Improve public health
The Home Office's announcement comes months after former Deputy Prime Minister Nick Clegg said making cannabis legal in the UK would improve public health.
He made the claim before he lost his Sheffield Hallam seat in last month's General Election after 12 years of representing the constituency in parliament.
As well as protecting them from devastating side effects of smoking 'skunk', it would raise a much-needed £1 billion each year in taxes, he claimed.
Over the years, a host of previous research has pointed to a link between the popular recreational drug and mental health conditions.
A US study published in 2013 found that teenagers who regularly smoke weed suffer long lasting brain damage and are in danger of developing schizophrenia.
And in January, the most significant study on the drug's effects to date had similar findings - and noted it can trigger a heart attack.
At the same time, a federal advisory panel admitted cannabis can almost certainly ease chronic pain, and might help some people sleep.
After reviewing previous studies in April, British researchers found no link between smoking weed and schizophrenia.
Instead the greatest danger of smoking cannabis is by mixing it with tobacco, Mr Hamilton stressed.
He previously told MailOnline that teenagers should smoke the drug on its own if they want to get high - and avoid cancer.
Tobacco is linked to 17 types of cancer, including lung, throat and bladder - and is deemed to be the most preventable form of the disease.

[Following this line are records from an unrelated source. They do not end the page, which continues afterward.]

(* The indicator is bounded by [expR (s * (N c - sum of the grid values))], which
   factorises over [k]. *)
Lemma indic_sum_le_prod_expR (c s : R) w : 0 <= s ->
  \1_[set w | (\sum_(k < N) Z k w <= N%:R * c)%R] w <=
  \prod_(k < N) \sum_(j < M) expR (s * (c - h * j%:R)) * \1_(grid_cell h j) (Z k w).
Proof.
move=> s0.
under eq_bigr => k _ do rewrite (sum_grid_cell h_gt0 (fun j : nat => expR (s * (c - h * j%:R)))) //.
rewrite -expR_sum indicE; have [|_] := boolP (w \in _); last exact: expR_ge0.
rewrite mem_setE /= => sum_le.
apply: le_trans (expR_ge1Dx _); rewrite lerDl -mulr_sumr mulr_ge0 //.
rewrite sumrB sumr_const card_ord subr_ge0 -mulr_natl; apply: le_trans sum_le.
apply: ler_sum => k _; case/andP: (Z01 k w) => Z0 _.
by case/andP: (grid_cell_truncn h_gt0 Z0).
Qed.

Lemma lower_tail_grid (c s : R) : 0 <= s ->
  (P [set w | (\sum_(k < N) Z k w <= N%:R * c)%R] <=
   (expR (N%:R * (s * c - s * (m - h) + s ^+ 2 / 2)))%:E)%E.
Proof.
move=> s0; set E := [set w | _].
pose a (j : 'I_M) := expR (s * (c - h * j%:R)).
have -> : P E = (\int[P]_w (\1_E w)%:E)%E.
  by rewrite integral_indic ?setIT //; exact: measurable_sum_le.
apply: le_trans (_ : _ <=
  \int[P]_w (\prod_(k < N) \sum_(j < M) a j * \1_(grid_cell h j) (Z k w))%:E)%E _.
  apply: ge0_le_integral => //.
  - exact/measurable_EFinP/measurable_indic/measurable_sum_le.
  - apply/measurable_EFinP/measurable_prod => k _; apply: measurable_sum => j.
    apply: measurable_funM => //.
    exact: measurableT_comp (measurable_indic (measurable_grid_cell h j)) (Z_meas k).
  - by move=> w _; rewrite lee_fin indic_sum_le_prod_expR.
rewrite integral_prod_sum_indic // => [|j|j]; [|exact: measurable_grid_cell|exact: expR_ge0].
have -> : N%:R * (s * c - s * (m - h) + s ^+ 2 / 2) =
    \sum_(k < N) (s * c + (- s * (m - h) + s ^+ 2 / 2)).
  by rewrite sumr_const card_ord -mulr_natl; ring.
rewrite lee_fin expR_sum; apply: ler_prod => k _; apply/andP; split.
  by apply: sumr_ge0 => j _; rewrite mulr_ge0 ?expR_ge0 // fine_ge0 // measure_ge0.
have -> : \sum_(j < M) a j * fine (P (Z k @^-1` grid_cell h j)) =
    expR (s * c) * \sum_j cell_prob k j * expR (- s * (h * j%:R)).
  rewrite mulr_sumr; apply: eq_bigr => j _.
  by rewrite [RHS]mulrCA -expRD mulrC /a; congr (_ * expR _); ring.
by rewrite expRD ler_wpM2l ?expR_ge0 ?cell_mgf_le.
Qed.
(* element  sum c * (eta_1/\../\eta_r) (x) (w_1/\../\w_q)  of
   Lambda^r M_{pi,k} (x) Lambda^q H_{sigma,u}, given as a formal sum *)
Definition tens (k : fieldType) (d r q : nat) :=
  seq (k * (('I_r -> 'rV[k]_d) * ('I_q -> 'rV[k]_d))).

Definition concat_tuple (k : fieldType) (d r q : nat) (eta : 'I_r -> 'rV[k]_d)
    (w : 'I_q -> 'rV[k]_d) : 'I_(r + q) -> 'rV[k]_d :=
  fun i => match split i with inl a => eta a | inr b => w b end.

Definition wedge (k : fieldType) (d r q : nat) (s : tens k d r q)
    : seq (k * ('I_(r + q) -> 'rV[k]_d)) :=
  map (fun x => (x.1, concat_tuple x.2.1 x.2.2)) s.

Definition phi_tau (k : fieldType) (d n r : nat) (rays : 'I_n -> 'rV[int]_d)
    (t : 'I_r -> 'I_n) (eta : 'I_r -> 'rV[k]_d) : k :=
  \det (\matrix_(i, j) pairk (eta i) (rays (t j))).

Definition Phi (k : fieldType) (d n r q : nat) (rays : 'I_n -> 'rV[int]_d)
    (t : 'I_r -> 'I_n) (u : 'rV[int]_d) (s : tens k d r q)
    : seq (k * ('I_q -> 'rV[k]_d)) :=
  map (fun x => ((if [forall j, dotZ u (rays (t j)) == 0]
                  then phi_tau rays t x.2.1 else 0) * x.1, x.2.2)) s.

(* Test vanishing in [Lambda^q (H_{sigma,u} / im pi^* )] against an alternating
   q-form [f]. Extend [f] to [k^d] through a linear retraction [p] onto
   [H_{sigma,u}], and let [l_j = <_, v_(t j)>]. Since the [v_(t j)] lie in
   [ker pi_*], the (r+q)-form [F = l_1 /\ ... /\ l_r /\ (f o p)] is alternating
   on [k^d / im pi^*]. When [u] lies in [tau^perp] the [l_j] vanish on
   [H_{sigma,u}], so Laplace expansion along the [l_j] gives
   [F (eta /\ w) = phi_tau eta * f w]; otherwise [Phi] is zero. Hence [F]
   evaluated on an element of the kernel of the wedge product is [f] evaluated
   on its image under [Phi]. *)

From Stdlib Require Import FunctionalExtensionality.
From Stdlib Require List.
From HB Require Import structures.
From mathcomp Require Import all_boot all_order all_algebra.
From mathcomp Require Import ring zify.
Set Implicit Arguments. Unset Strict Implicit. Unset Printing Implicit Defensive.
Import Order.TTheory GRing.Theory Num.Theory.
Local Open Scope ring_scope.

Lemma bumpE_ge i n : (i <= n)%N -> bump i n = n.+1.
Proof. by rewrite /bump; lia. Qed.

Lemma bumpE_lt i n : (n < i)%N -> bump i n = n.
Proof. by rewrite /bump; lia. Qed.

Section NatAltForms.
Variables (k : fieldType) (V : lmodType k) (I0 : V -> Prop).

Definition updn (x : nat -> V) (j : nat) (y : V) : nat -> V :=
  fun n => if n == j then y else x n.
(* Let $T=\{\!\{T_1,\dots,T_m\}\!\}$ where each $T_j$ is a $G_j$-join tree with $G_j$ a finite subgraph of $\mathsf{Path}_{\mathbb Z}$. Then for every $j\in[m]$, \[\Psi(T)\ge\Psi(T_j)+\vec\Delta(G_1,\dots,G_m\mid G_j).\]
   Context: Graphs are finite simple graphs without isolated vertices; $\emptyset$ is the empty graph. $\mathsf{Path}_{\mathbb Z}$ has vertex set $\mathbb Z$ and edges $\{i-1,i\}$. $\Delta(G)$ = number of connected components; $G\ominus F$ = union of components of $G$ sharing no vertex with $F$; $\vec\Delta(H_1,\dots,H_r\mid F)=\sum_{l=1}^r\Delta(H_l\ominus(F\cup H_1\cup\dots\cup H_{l-1}))$, $\vec\Delta(H_1,\dots,H_r)=\vec\Delta(H_1,\dots,H_r\mid\emptyset)$. Join trees: for finite $G\subset\mathsf{Path}_{\mathbb Z}$, a $G$-join tree is a finite rooted binary tree (each non-leaf has an ordered left and right child) with nodes labeled by subgraphs of $G$: leaves by single-edge subgraphs of $G$ or $\emptyset$, each non-leaf by the union of its children's labels, the root by $G$. $T_1\cup T_2$ is the join tree with a new root whose left subtree is $T_1$ and right subtree $T_2$. $\{\!\{T_1\}\!\}=T_1$ and $\{\!\{T_1,\dots,T_m\}\!\}=\{\!\{T_1,\dots,T_{m-1}\}\!\}\cup\{\!\{T_1,\dots,T_{m-2},T_m\}\!\}$ for $m\ge2$. For a $G$-join tree $S$ and a root-to-leaf path $b_1,\dots,b_\ell$, let $B_j$ ($j<\ell$) be the label of the child of $b_j$ other than $b_{j+1}$ and $B_\ell$ the label of leaf $b_\ell$; $\{B_1,\dots,B_\ell\}$ is an $S$-branch covering. $\Psi(S)$ is the maximum of $\vec\Delta(C_1,\dots,C_r)$ over all $S$-branch coverings $\mathcal C$ and all enumerations $C_1,\dots,C_r$ (without repetition) of $\mathcal C$. *)

From mathcomp Require Import all_boot all_order all_algebra.
From mathcomp Require Import finmap.
Set Implicit Arguments. Unset Strict Implicit. Unset Printing Implicit Defensive.
Import Order.TTheory GRing.Theory Num.Theory.
Local Open Scope fset_scope.

(* A finite subgraph of Path_Z (without isolated vertices) is determined by its
   edge set.  The edge {i-1, i} of Path_Z is encoded by the integer i. *)
Definition graph := {fset int}.

Definition verts (G : graph) : {fset int} := G `|` [fset (e - 1)%R | e in G].

(* In Path_Z, edges e and f of G lie in the same connected component of G
   iff every edge between them (inclusive) belongs to G. *)
Definition linked (G : graph) (e f : int) : bool :=
  all (fun n : nat => (Num.min e f + n%:Z)%R \in G) (iota 0 (absz (f - e)%R).+1).

Definition comp (G : graph) (e : int) : graph := [fset f in G | linked G e f].

Definition ncomp (G : graph) : nat := #|` [fset comp G e | e in G] |.

Definition gsep (G F : graph) : graph :=
  [fset e in G | verts (comp G e) `&` verts F == fset0].

Fixpoint vdelta (F : graph) (Hs : seq graph) : nat :=
  match Hs with
  | [::] => 0
  | H :: Hs' => ncomp (gsep H F) + vdelta (F `|` H) Hs'
  end.

(* Join trees: binary trees whose leaves carry a single edge (Some i) or the
   empty graph (None); the label of an inner node is the union of its
   children's labels, so labels are computed by [jlabel].  A G-join tree is a
   tree S with jlabel S = G. *)
Inductive jtree : Type :=
  | JLeaf of option int
  | JNode of jtree & jtree.

Fixpoint jlabel (S : jtree) : graph :=
  match S with
  | JLeaf None => fset0
  | JLeaf (Some i) => [fset i]
  | JNode l r => jlabel l `|` jlabel r
  end.

(* bigjoin n f = {{ f 0, ..., f (n-1) }}  (n >= 1) *)
Fixpoint bigjoin (n : nat) (f : nat -> jtree) : jtree :=
  match n with
  | 0 => JLeaf None
  | 1 => f 0
  | (n'.+1 as k).+1 =>
      JNode (bigjoin k f) (bigjoin k (fun i => if i == n' then f k else f i))
  end.
(* Let $a>0$, $\eta\in(0,1)$ and $f\in\mathcal C_a$, and define $f^{\pm\eta}(s)=(1\pm\frac\eta2)f\big(s/(1\pm\frac\eta2)\big)$. Then: (1) $f^{\pm\eta}\in\mathcal C_{(2\pm\eta)a/2}$; (2) $(f^{\pm\eta})'(s)=f'\big(s/(1\pm\frac\eta2)\big)$ for all $s\in\mathbb R$; (3) $f^{+\eta}-f$ and $f-f^{-\eta}$ are decreasing on $\mathbb R_{\ge0}$; (4) $f^{-\eta}(s)\le f(s)\le f^{+\eta}(s)$ for all $s\in\mathbb R$, with $f^{-\eta}(s)=f(s)$ if and only if $|s|\ge a$, and $f^{+\eta}(s)=f(s)$ if and only if $|s|\ge(2+\eta)a/2$; (5) $\|f-f^{\pm\eta}\|_\infty=\frac\eta2f(0)$.
   Context: For $b>0$, $\mathcal C_b$ is the set of $C^1$ functions $f:\mathbb R\to\mathbb R$ that are even, satisfy $f(s)=|s|$ for $|s|\ge b$ and are strictly convex on $[-b,b]$. Statements with $\pm$ hold for both signs. *)

From Stdlib Require Import Reals.
From Coquelicot Require Import Coquelicot.
Open Scope R_scope.

Definition C1 (f : R -> R) : Prop :=
  forall x, ex_derive f x /\ continuous (Derive f) x.

Definition even_fun (f : R -> R) : Prop := forall s, f (- s) = f s.

Definition strictly_convex_on (a b : R) (f : R -> R) : Prop :=
  forall x y t, a <= x <= b -> a <= y <= b -> x <> y -> 0 < t < 1 ->
    f (t * x + (1 - t) * y) < t * f x + (1 - t) * f y.

Definition classC (b : R) (f : R -> R) : Prop :=
  C1 f /\ even_fun f /\ (forall s, b <= Rabs s -> f s = Rabs s)
  /\ strictly_convex_on (- b) b f.

Definition fpm (sigma eta : R) (f : R -> R) (s : R) : R :=
  (1 + sigma * eta / 2) * f (s / (1 + sigma * eta / 2)).

Definition decreasing_on_nonneg (g : R -> R) : Prop :=
  forall x y, 0 <= x -> x <= y -> g y <= g x.

Definition sup_norm_eq (g : R -> R) (m : R) : Prop :=
  is_lub (fun y => exists s, y = Rabs (g s)) m.

From Stdlib Require Import Reals Lra.
From Coquelicot Require Import Coquelicot.
Open Scope R_scope.

(* Write f_c := dilate c f, so that f^{+eta} = f_{1+eta/2}, f^{-eta} = f_{1-eta/2} and
   f_1 = f.  On [-a, a] convexity makes f' nondecreasing; outside, f' = sgn, so f' is
   nondecreasing on all of R with |f'| <= 1, and f lies above each of its tangent lines l_y.
   For y = s/c1 and x = s/c2,
     f_{c2} s - f_{c1} s = c2 (f - l_y)(x) + (c2 - c1) l_y(0),
   where l_y(0) = f y - y f'(y) >= |y| - |y| = 0.  Hence c |-> f_c s is nondecreasing, and
   strictly so while |x| < a, where f lies strictly above its tangents (or s = 0 and
   l_y(0) = f 0 > 0).  Evaluating l_x at y and at 0 bounds the same difference by
   (c2 - c1) f 0, with equality at s = 0; this is the sup-norm identity.  Finally
   (f_{c2} - f_{c1})' s = f'(s/c2) - f'(s/c1) <= 0 for s >= 0 gives the monotonicity claims. *)

Definition convex_on (p q : R) (f : R -> R) : Prop :=
  forall x y t, p <= x <= q -> p <= y <= q -> 0 < t < 1 ->
    f (t * x + (1 - t) * y) <= t * f x + (1 - t) * f y.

But no such links to cancer have ever been found with the herb, meaning users are risking their long-term health by mixing it with tobacco.
CHEMSEX DRUGS TARGETED AS PART OF GOVERNMENT BLITZ
So-called 'chemsex' drugs and former legal highs will be targeted as part of a new government blitz.
The strategy, launched by ministers, aims to reduce illicit drug use and improve dependence recovery rates.
Figures show drug misuse has been falling, but the Home Office said new threats were emerging.
It cited new psychoactive substances (NPS), which were previously known as legal highs, image and performance enhancing drugs, chemsex drugs and misuse of prescribed medicines.
Chemsex is officially defined as the use of drugs before or during planned sexual activity to sustain, enhance, disinhibit or facilitate the experience.
It commonly involves the use of crystal methamphetamine, GHB/GBL and mephedrone.
Chemsex carries serious physical and mental health risks, including the spread of blood borne infections and viruses, according to the new strategy.
CANNABIS: THE UK'S RECLASSIFICATION
The Government decided to reclassify cannabis as a Class B drug in 2008, upgrading it one ranking.
As a result, those caught in possession of the herb face a higher maximum prison sentence.
At the time, Home Secretary Jacqui Smith said the decision was based on unconfirmed evidence about the lasting mental health impact from smoking the drug.
She said she was going to 'err on the side of caution and protect the public', BBC reports.
However, the decision went against the Advisory Council on the Misuse of Drugs recommendations.
But research published in April suggested her decision was correct - that regular cannabis users are five times more likely to develop a serious mental health disorder.
Weed creates a greater mental health risk than any other substance, including class A drugs, Danish scientists found.
Those who abuse the drug – now more potent than ever in the form of super-strength ‘skunk’ – are 5.2 times as likely to develop schizophrenia as someone who had never smoked it.
But pro-cannabis campaigners say the drug cannot be proven to have caused the psychotic disorder.